Keep only the lines from the start of the data through the line containing "Definition cay_dist (G", and output them exactly.

GIVEN RECORDS Block Start

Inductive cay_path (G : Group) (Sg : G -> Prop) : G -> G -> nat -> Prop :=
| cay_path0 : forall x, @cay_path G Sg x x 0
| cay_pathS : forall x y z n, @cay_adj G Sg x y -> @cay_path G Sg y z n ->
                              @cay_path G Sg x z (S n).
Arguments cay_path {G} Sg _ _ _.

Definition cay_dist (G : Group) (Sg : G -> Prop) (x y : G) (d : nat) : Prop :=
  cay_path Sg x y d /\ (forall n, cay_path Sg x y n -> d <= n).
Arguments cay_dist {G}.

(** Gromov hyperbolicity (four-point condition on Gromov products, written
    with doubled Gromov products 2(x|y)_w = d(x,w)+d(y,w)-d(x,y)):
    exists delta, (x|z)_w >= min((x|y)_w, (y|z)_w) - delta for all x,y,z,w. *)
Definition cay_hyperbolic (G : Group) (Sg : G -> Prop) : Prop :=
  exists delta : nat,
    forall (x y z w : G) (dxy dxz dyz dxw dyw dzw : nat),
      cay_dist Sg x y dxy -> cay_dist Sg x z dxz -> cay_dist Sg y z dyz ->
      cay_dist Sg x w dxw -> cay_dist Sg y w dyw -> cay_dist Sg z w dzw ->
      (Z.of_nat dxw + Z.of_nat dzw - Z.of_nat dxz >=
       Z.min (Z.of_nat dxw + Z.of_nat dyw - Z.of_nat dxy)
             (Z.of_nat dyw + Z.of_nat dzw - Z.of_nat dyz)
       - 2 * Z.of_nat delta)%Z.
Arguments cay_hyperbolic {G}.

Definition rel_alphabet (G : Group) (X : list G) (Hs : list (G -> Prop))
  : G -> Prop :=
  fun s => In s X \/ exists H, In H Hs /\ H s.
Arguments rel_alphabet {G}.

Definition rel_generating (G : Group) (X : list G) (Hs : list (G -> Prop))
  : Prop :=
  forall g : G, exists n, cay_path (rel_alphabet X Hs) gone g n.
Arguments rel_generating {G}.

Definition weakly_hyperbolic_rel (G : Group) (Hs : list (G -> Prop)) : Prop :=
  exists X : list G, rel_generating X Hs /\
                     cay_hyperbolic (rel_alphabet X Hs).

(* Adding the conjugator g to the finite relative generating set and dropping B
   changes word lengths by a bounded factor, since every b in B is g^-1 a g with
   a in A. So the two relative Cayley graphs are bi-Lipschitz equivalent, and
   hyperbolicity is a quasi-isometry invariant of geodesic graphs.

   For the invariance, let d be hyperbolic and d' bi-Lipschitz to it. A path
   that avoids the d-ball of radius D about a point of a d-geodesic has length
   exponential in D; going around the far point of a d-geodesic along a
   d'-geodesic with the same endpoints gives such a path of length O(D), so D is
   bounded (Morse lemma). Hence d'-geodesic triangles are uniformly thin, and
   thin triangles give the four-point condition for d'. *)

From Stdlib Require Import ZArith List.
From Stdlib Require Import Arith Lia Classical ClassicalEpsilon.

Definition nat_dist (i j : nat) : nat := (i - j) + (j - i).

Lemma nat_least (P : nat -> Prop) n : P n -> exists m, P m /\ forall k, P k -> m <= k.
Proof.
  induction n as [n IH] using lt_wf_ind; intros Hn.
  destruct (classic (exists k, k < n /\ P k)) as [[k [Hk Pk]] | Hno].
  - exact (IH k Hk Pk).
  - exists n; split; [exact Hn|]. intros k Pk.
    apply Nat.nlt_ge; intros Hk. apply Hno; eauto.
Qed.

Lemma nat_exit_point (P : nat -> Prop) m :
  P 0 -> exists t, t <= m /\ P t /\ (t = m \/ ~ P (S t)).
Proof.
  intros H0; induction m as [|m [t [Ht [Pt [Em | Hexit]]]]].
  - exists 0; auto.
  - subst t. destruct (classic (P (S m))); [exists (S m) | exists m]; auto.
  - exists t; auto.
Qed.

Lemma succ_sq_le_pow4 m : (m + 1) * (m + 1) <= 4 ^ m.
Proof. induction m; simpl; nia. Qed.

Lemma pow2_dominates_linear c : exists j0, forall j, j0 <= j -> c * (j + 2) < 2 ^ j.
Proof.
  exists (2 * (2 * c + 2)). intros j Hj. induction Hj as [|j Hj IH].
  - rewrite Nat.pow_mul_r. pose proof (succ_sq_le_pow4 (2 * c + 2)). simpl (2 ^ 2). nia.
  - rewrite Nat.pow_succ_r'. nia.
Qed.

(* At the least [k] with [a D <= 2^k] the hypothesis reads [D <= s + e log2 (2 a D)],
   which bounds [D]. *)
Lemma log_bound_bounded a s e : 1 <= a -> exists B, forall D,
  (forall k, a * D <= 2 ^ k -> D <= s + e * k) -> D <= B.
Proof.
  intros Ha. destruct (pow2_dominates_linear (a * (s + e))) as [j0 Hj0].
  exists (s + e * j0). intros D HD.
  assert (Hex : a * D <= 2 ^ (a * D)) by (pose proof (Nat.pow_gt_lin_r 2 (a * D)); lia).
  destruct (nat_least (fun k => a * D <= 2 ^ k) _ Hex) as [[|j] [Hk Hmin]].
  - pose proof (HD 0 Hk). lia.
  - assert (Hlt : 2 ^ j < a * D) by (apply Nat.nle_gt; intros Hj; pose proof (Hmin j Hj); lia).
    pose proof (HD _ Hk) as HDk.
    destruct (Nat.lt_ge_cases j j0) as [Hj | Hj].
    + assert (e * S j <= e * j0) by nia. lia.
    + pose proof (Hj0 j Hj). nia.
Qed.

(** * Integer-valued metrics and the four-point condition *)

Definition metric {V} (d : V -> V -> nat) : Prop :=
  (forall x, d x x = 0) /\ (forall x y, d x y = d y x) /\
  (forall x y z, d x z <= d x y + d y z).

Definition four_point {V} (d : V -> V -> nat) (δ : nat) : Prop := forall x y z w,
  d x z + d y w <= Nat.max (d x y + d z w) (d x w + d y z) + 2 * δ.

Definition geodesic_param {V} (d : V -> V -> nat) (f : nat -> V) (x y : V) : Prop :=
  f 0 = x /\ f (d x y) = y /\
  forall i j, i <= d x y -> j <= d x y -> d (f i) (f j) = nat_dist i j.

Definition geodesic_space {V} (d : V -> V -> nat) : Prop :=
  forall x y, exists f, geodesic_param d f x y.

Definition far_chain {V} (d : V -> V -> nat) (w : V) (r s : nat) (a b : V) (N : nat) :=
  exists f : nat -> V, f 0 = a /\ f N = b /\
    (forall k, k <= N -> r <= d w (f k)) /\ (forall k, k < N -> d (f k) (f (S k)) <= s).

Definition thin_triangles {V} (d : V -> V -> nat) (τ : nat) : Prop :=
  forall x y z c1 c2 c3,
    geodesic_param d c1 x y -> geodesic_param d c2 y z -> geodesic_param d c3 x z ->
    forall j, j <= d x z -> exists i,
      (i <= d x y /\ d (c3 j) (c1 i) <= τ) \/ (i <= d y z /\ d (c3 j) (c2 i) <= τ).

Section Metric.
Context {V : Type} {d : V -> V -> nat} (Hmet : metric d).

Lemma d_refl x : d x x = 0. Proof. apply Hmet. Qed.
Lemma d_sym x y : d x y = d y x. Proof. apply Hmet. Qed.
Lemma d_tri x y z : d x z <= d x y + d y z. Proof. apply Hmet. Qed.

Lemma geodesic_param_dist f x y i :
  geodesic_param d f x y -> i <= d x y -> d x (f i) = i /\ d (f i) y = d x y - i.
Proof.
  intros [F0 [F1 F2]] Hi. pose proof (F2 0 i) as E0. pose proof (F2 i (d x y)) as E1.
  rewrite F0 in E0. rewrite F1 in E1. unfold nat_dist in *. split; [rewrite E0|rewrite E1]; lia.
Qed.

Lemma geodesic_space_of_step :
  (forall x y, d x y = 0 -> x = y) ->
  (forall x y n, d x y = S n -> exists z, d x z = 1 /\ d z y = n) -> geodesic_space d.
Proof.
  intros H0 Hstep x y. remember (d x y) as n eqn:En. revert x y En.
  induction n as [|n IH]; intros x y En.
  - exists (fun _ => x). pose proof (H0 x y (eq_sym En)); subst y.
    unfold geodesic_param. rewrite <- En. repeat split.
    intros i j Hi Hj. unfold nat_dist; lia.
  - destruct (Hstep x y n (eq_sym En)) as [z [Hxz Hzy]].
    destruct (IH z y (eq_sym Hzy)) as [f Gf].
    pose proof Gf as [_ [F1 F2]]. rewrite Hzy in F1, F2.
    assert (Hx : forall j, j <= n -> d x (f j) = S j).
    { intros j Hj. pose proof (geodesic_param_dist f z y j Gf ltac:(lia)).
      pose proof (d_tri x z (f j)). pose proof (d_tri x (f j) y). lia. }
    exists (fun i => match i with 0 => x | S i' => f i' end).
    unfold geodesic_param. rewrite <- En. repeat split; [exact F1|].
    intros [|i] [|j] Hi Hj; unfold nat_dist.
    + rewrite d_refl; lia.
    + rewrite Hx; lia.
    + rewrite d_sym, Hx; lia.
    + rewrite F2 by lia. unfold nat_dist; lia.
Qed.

GIVEN RECORDS Block End

▶ _SOLVED EXERCISE_
Inductive cay_path (G : Group) (Sg : G -> Prop) : G -> G -> nat -> Prop :=
| cay_path0 : forall x, @cay_path G Sg x x 0
| cay_pathS : forall x y z n, @cay_adj G Sg x y -> @cay_path G Sg y z n ->
                              @cay_path G Sg x z (S n).
Arguments cay_path {G} Sg _ _ _.

Definition cay_dist (G : Group) (Sg : G -> Prop) (x y : G) (d : nat) : Prop :=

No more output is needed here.